**TASK TO COMPLETE**
For this exercise, restate word for word only the lines from the first line of the data to the line containing "measurable_fun setT q1".
Start of DATASET RECORDS
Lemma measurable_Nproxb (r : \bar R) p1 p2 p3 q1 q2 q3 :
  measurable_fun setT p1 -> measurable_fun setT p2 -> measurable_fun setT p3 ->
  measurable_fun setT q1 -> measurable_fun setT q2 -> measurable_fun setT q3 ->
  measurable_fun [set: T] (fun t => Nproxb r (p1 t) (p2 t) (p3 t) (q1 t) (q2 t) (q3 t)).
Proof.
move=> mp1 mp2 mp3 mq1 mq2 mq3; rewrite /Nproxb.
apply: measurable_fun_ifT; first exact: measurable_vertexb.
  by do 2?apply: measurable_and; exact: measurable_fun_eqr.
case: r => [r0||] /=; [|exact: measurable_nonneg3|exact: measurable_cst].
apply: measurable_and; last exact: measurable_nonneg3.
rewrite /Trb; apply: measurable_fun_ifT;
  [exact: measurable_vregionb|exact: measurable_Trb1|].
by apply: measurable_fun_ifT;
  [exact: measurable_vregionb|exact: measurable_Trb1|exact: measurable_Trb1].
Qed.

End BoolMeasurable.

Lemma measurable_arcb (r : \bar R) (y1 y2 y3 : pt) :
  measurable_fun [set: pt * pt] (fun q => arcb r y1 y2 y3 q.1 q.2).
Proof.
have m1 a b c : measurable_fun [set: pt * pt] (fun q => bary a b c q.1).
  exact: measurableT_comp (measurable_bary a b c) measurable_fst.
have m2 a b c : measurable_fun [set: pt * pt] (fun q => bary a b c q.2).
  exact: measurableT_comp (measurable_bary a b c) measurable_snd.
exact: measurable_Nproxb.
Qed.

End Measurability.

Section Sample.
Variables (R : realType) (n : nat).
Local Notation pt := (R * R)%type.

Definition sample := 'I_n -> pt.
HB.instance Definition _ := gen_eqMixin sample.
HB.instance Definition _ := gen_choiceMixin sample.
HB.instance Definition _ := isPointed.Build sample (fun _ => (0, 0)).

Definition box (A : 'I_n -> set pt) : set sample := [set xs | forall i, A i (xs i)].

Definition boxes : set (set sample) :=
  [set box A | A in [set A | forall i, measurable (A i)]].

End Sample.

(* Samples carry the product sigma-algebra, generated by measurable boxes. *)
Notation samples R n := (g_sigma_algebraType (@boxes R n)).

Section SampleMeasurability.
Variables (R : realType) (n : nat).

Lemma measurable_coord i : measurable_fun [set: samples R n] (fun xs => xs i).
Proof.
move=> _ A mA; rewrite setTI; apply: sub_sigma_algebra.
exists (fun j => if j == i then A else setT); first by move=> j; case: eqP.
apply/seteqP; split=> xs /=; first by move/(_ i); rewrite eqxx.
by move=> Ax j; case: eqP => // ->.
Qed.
End of DATASET RECORDS
**ANSWER SECTION**
Lemma measurable_Nproxb (r : \bar R) p1 p2 p3 q1 q2 q3 :
  measurable_fun setT p1 -> measurable_fun setT p2 -> measurable_fun setT p3 ->
  measurable_fun setT q1 -> measurable_fun setT q2 -> measurable_fun setT q3 ->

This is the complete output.